When using a modern journaling filesystem such as ext4, by default fsck (filesystem check) is never forced.  With a traditional (older) filesystem type such as ext2, the system defaults to checking the filesystem every so many reboots (technically after X number of mounts, but since all filesystems are usually mounted at boot time it comes to the same thing), or every so many months, or after an improper shutdown, whichever comes first.

A problem with traditional filesystem setup occurs with large disks.  Since all storage volumes have the same default setup, once a check is forced for any reason all filesystems are checked at once.  This can take a very long time!  A staggered schedule can be used to avoid this problem.  An issue with journaling filesystems is that an occasional error can still occur, and if no checking is ever performed the error can snowball, causing other problems.  (Also, hackers can induce errors even with a journaling filesystem.)
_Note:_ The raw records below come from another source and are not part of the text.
(* Let $K$ be an algebraically closed field of characteristic $0$, let $\mathcal{L}$ be a line of type $(1,1,0)$ in $\mathbb{P}^1\times\mathbb{P}^1\times\mathbb{P}^1$ over $K$, and let $X$ be a finite set of distinct points with $X\subseteq\mathcal{L}$ and $|X|=s$. Then $H_X(i,j,k)=\min\{k+1,s\}$ for all $(i,j,k)\in\mathbb{N}^3$.
   Context: Let $R=K[x_0,x_1,y_0,y_1,z_0,z_1]$ be $\mathbb{N}^3$-graded with $\deg x_i=(1,0,0)$, $\deg y_i=(0,1,0)$, $\deg z_i=(0,0,1)$. For a point $P=[a_0:a_1]\times[b_0:b_1]\times[c_0:c_1]$, $I(P)=(a_1x_0-a_0x_1,\,b_1y_0-b_0y_1,\,c_1z_0-c_0z_1)$, and for $X=\{P_1,\dots,P_s\}$, $I(X)=\bigcap_i I(P_i)$. The Hilbert function is $H_X(i,j,k)=\dim_K R_{i,j,k}-\dim_K I(X)_{i,j,k}$. A line of type $(1,1,0)$ is the subvariety defined by an ideal $(L,L')$ with $L\in R_{1,0,0}$, $L'\in R_{0,1,0}$ nonzero. *)

From HB Require Import structures.
From mathcomp Require Import all_boot all_order all_algebra.
From mathcomp Require Import mpoly.
From Stdlib Require Import ClassicalEpsilon.

Set Implicit Arguments.
Unset Strict Implicit.
Unset Printing Implicit Defensive.

Import GRing.Theory.
Local Open Scope ring_scope.

Definition is_basis (K : fieldType) (V : lmodType K) (S : V -> Prop)
    (n : nat) (vs : n.-tuple V) : Prop :=
  [/\ (forall i : 'I_n, S (tnth vs i)),
      (forall c : 'I_n -> K, \sum_(i < n) c i *: tnth vs i = 0 ->
          forall i, c i = 0) &
      (forall v, S v -> exists c : 'I_n -> K, v = \sum_(i < n) c i *: tnth vs i)].

Definition has_dim (K : fieldType) (V : lmodType K) (S : V -> Prop) (n : nat) :
  Prop := exists vs : n.-tuple V, is_basis S vs.

(* dim_K S : the dimension of S (meaningful when S is finite-dimensional). *)
Definition dimK (K : fieldType) (V : lmodType K) (S : V -> Prop) : nat :=
  epsilon (inhabits 0%N) (fun n => has_dim S n).

Definition R6 (K : fieldType) := {mpoly K[6]}.

Definition vx0 (K : fieldType) : R6 K := 'X_(inord 0).
Definition vx1 (K : fieldType) : R6 K := 'X_(inord 1).
Definition vy0 (K : fieldType) : R6 K := 'X_(inord 2).
Definition vy1 (K : fieldType) : R6 K := 'X_(inord 3).
Definition vz0 (K : fieldType) : R6 K := 'X_(inord 4).
Definition vz1 (K : fieldType) : R6 K := 'X_(inord 5).

Definition tdeg (m : 'X_{1..6}) : nat * nat * nat :=
  ((m (inord 0) + m (inord 1))%N, (m (inord 2) + m (inord 3))%N,
   (m (inord 4) + m (inord 5))%N).

Definition Rdeg (K : fieldType) (i j k : nat) : R6 K -> Prop :=
  fun p => all (fun m => tdeg m == (i, j, k)) (msupp p).

(* Points of P^1 x P^1 x P^1, given by homogeneous coordinates               *)

Definition P1pt (K : fieldType) := (K * K)%type.
Definition P111pt (K : fieldType) := (P1pt K * P1pt K * P1pt K)%type.

Definition P1_valid (K : fieldType) (a : P1pt K) : bool := (a.1 != 0) || (a.2 != 0).
Definition pt_valid (K : fieldType) (P : P111pt K) : bool :=
  [&& P1_valid P.1.1, P1_valid P.1.2 & P1_valid P.2].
A staggered schedule means that each filesystem is still checked at the same frequency but not all on the same day.  For example, if you have only two filesystems you can have each one checked every six months, the first filesystem every January and July 1st, and the second filesystem every February and August 1st.  This is done by changing the date of the last check for each filesystem to different values, while keeping the six-month interval between checks the same on both filesystems.
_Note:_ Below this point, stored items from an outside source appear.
Lemma center_height d k j1 j2 : dl1 d < du1 d -> dl2 d < du2 d ->
  on_diag d k j1 j2 -> diag_height d (center (cell d k j1 j2)) = 0.
Proof.
  intros H1 H2 O. pose proof (pow_lt 2 k ltac:(lra)).
  apply (Rmult_eq_reg_l (2 ^ k)); [|lra]. rewrite scaled_diag_height, Rmult_0_r.
  unfold center, cell, frac, cell_width; cbn [fst snd r_l1 r_u1 r_l2 r_u2].
  unfold on_diag in O. destruct (anti d).
  - apply (f_equal INR) in O. rewrite INR_pow2, !plus_INR in O. rewrite <- O, !S_INR. simpl INR.
    pose proof (pos_INR j1). pose proof (pos_INR j2).
    field; repeat split; lra.
  - subst. rewrite !S_INR. field; repeat split; try lra; apply pow_nonzero; lra.
Qed.

Lemma cell_ErrFree_iff a b d k j1 j2 : diag_rect_ok a b d -> (j1 < 2 ^ k)%nat -> (j2 < 2 ^ k)%nat ->
  (ErrFree a b (cell d k j1 j2) <-> ~ on_diag d k j1 j2).
Proof.
  intros [H1 [H2 HR]] J1 J2.
  pose proof (fun p => cell_interior_in_diag_rect d k j1 j2 p H1 H2 J1 J2) as Hin. split.
  - intros E O. apply E. exists (center (cell d k j1 j2)).
    split; [apply center_interior; auto|].
    apply (HR _ (Hin _ (center_interior d k j1 j2 H1 H2))), center_height; auto.
  - intro NO. destruct (diag_cases d k j1 j2) as [O|[P|N]]; [tauto| |].
    + apply (ErrFree_of_UniqueNearest a b _ (pos1 d) (pos2 d)). intros p Hp.
      apply (HR _ (Hin _ Hp)), (diag_height_sign_open d k j1 j2 p H1 H2 Hp); auto.
    + apply (ErrFree_of_UniqueNearest a b _ (neg1 d) (neg2 d)). intros p Hp.
      apply (HR _ (Hin _ Hp)), (diag_height_sign_open d k j1 j2 p H1 H2 Hp); auto.
Qed.

Lemma cell_decides a b d k j1 j2 p : diag_rect_ok a b d -> (j1 < 2 ^ k)%nat -> (j2 < 2 ^ k)%nat ->
  ~ on_diag d k j1 j2 -> InClosedRect (cell d k j1 j2) p -> dl2 d < snd p < du2 d ->
  diag_height d p <> 0 ->
  exists u1 u2, UniqueNearest a b p u1 u2 /\
    forall q, InInterior (cell d k j1 j2) q -> UniqueNearest a b q u1 u2.
Proof.
  intros [H1 [H2 HR]] J1 J2 NO Hc Hp2 Hd.
  pose proof (fun p => cell_interior_in_diag_rect d k j1 j2 p H1 H2 J1 J2) as Hin.
  assert (Rp : in_diag_rect d p).
  { split; auto. destruct Hc as [[A1 A2] _]. unfold cell in *; cbn [r_l1 r_u1] in *.
    apply (cell_sub_interval _ _ k j1); auto. }
  pose proof (diag_height_sign_closed d k j1 j2 p H1 H2 Hc) as [Sa Sb].
  destruct (diag_cases d k j1 j2) as [O|[P|N]]; [tauto| |].
  - exists (pos1 d), (pos2 d). split.
    + apply (HR _ Rp). specialize (Sa P). lra.
    + intros q Hq. apply (HR _ (Hin _ Hq)), (diag_height_sign_open d k j1 j2 q H1 H2 Hq); auto.
  - exists (neg1 d), (neg2 d). split.
    + apply (HR _ Rp). specialize (Sb N). lra.
    + intros q Hq. apply (HR _ (Hin _ Hq)), (diag_height_sign_open d k j1 j2 q H1 H2 Hq); auto.
Qed.

(** * The round-1 rectangles *)

Lemma b_mul_tau1 a b : 0 < b -> b * tau1 a b = (b * b - a * (1 - a)) / 2.
Proof. intro; unfold tau1; field; lra. Qed.

Lemma tau1_bounds a b : lattice_params a b -> 0 < tau1 a b < b / 2.
Proof.
  intros [[Ha1 Ha2] [Hb Hab]]. pose proof (b_mul_tau1 a b Hb).
  assert (a * (1 - a) < b * b) by nra. assert (0 < a * (1 - a)) by nra.
  split; apply (Rmult_lt_reg_l b); auto; lra.
Qed.

Lemma diag_rect_coords d p : dl1 d < du1 d -> dl2 d < du2 d -> in_diag_rect d p ->
  let T1 := frac (dl1 d) (du1 d) (fst p) in let T2 := frac (dl2 d) (du2 d) (snd p) in
  0 <= T1 <= 1 /\ 0 < T2 < 1 /\
  fst p = dl1 d + T1 * (du1 d - dl1 d) /\ snd p = dl2 d + T2 * (du2 d - dl2 d).
Proof.
  intros H1 H2 [[A1 A2] [A3 A4]] T1 T2. unfold T1, T2, frac.
  repeat split; try (field; lra).
  - apply Rmult_le_pos; [lra | apply Rlt_le, Rinv_0_lt_compat; lra].
  - apply (Rmult_le_reg_r (du1 d - dl1 d)); [lra|]. unfold Rdiv; rewrite Rmult_assoc, Rinv_l; lra.
  - apply Rmult_lt_0_compat; [lra | apply Rinv_0_lt_compat; lra].
  - apply (Rmult_lt_reg_r (du2 d - dl2 d)); [lra|]. unfold Rdiv; rewrite Rmult_assoc, Rinv_l; lra.
Qed.

(* The four round-1 rectangles crossed by an edge of the Voronoi cell (W2 <> 0 and W1 <> 0). *)
Definition drect_NE (a b : R) := mkDiagRect (a / 2) (/ 2) (tau1 a b) (b / 2) true 0 0 0 1.
Definition drect_NW (a b : R) := mkDiagRect (- / 2) ((a - 1) / 2) (tau1 a b) (b / 2) false 0 0 (-1) 1.
Definition drect_SW (a b : R) := mkDiagRect (- / 2) (- (a / 2)) (- b / 2) (- tau1 a b) true 0 (-1) 0 0.
Definition drect_SE (a b : R) :=
  mkDiagRect (- ((a - 1) / 2)) (- - / 2) (- b / 2) (- tau1 a b) false 1 (-1) 0 0.

Ltac params_facts H a b :=
  pose proof H as [[Ha1 Ha2] [Hb Hab]];
  let Ht := fresh "Ht" in pose proof (tau1_bounds _ _ H) as Ht;
  let HB := fresh "HB" in pose proof (b_mul_tau1 a b Hb) as HB;
  assert (3 / 4 < b * b) by nra; assert (0 < a * (1 - a)) by nra; assert (a * (1 - a) < b * b) by nra.

(* After expressing the point through its relative coordinates [T1], [T2], all three claims of
   [diag_rect_ok] are polynomial inequalities in [a], [b], [T1], [T2]; [w] is the lattice point
   across the edge. *)
Ltac solve_diag_halves X Y w1 w2 :=
  split; [|split]; intro;
  [ apply UniqueNearest_of_hex_strict; auto; rewrite Y, X; unfold hex_strict; repeat split; nra
  | apply UniqueNearest_of_hex_strict; auto; rewrite Y, X; unfold hex_strict; repeat split; nra
  | apply (BdV0_of_equidistant _ _ _ w1 w2); auto;
    [ rewrite Y, X; unfold hex_weak; repeat split; nra | unfold slack; rewrite Y, X; nra | discriminate ] ].

Lemma drect_NE_ok a b : lattice_params a b -> diag_rect_ok a b (drect_NE a b).
Proof.
  intro H. params_facts H a b.
  assert (B1 : dl1 (drect_NE a b) < du1 (drect_NE a b)) by (cbn; lra).
  assert (B2 : dl2 (drect_NE a b) < du2 (drect_NE a b)) by (cbn; lra).
  do 2 (split; auto). intros p Hp.
  destruct (diag_rect_coords _ p B1 B2 Hp) as (T1r & T2r & E1 & E2).
  unfold diag_height, drect_NE in *; cbn [anti dl1 du1 dl2 du2 neg1 neg2 pos1 pos2] in *.
  set (T1 := frac (a / 2) (/ 2) (fst p)) in *. set (T2 := frac (tau1 a b) (b / 2) (snd p)) in *.
  assert (Y : b * snd p = (b * b - a * (1 - a)) / 2 + T2 * (a * (1 - a) / 2)).
  { rewrite E2. transitivity (b * tau1 a b + T2 * (b * b / 2 - b * tau1 a b)); [field|].
    rewrite HB. field. }
  assert (X : fst p = a / 2 + T1 * ((1 - a) / 2)) by (rewrite E1; field).
  clearbody T1 T2. clear E1 E2.
  solve_diag_halves X Y 0%Z 1%Z.
Qed.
The same staggering can be done if you force checks by the number of reboots.  If you have both filesystems checked every 20 reboots say, change the current mount count so that the first filesystem thinks it has been mounted X times and the second “X+1” times.

This staggering of disk checking generalizes to any number of filesystems.  This way, except after an improper shutdown, only a single filesystem gets checked at any one time.

The concept of a staggered schedule is used in many areas, such as applying update to clusters of servers, or scheduling backups.  Be sure you understand this concept.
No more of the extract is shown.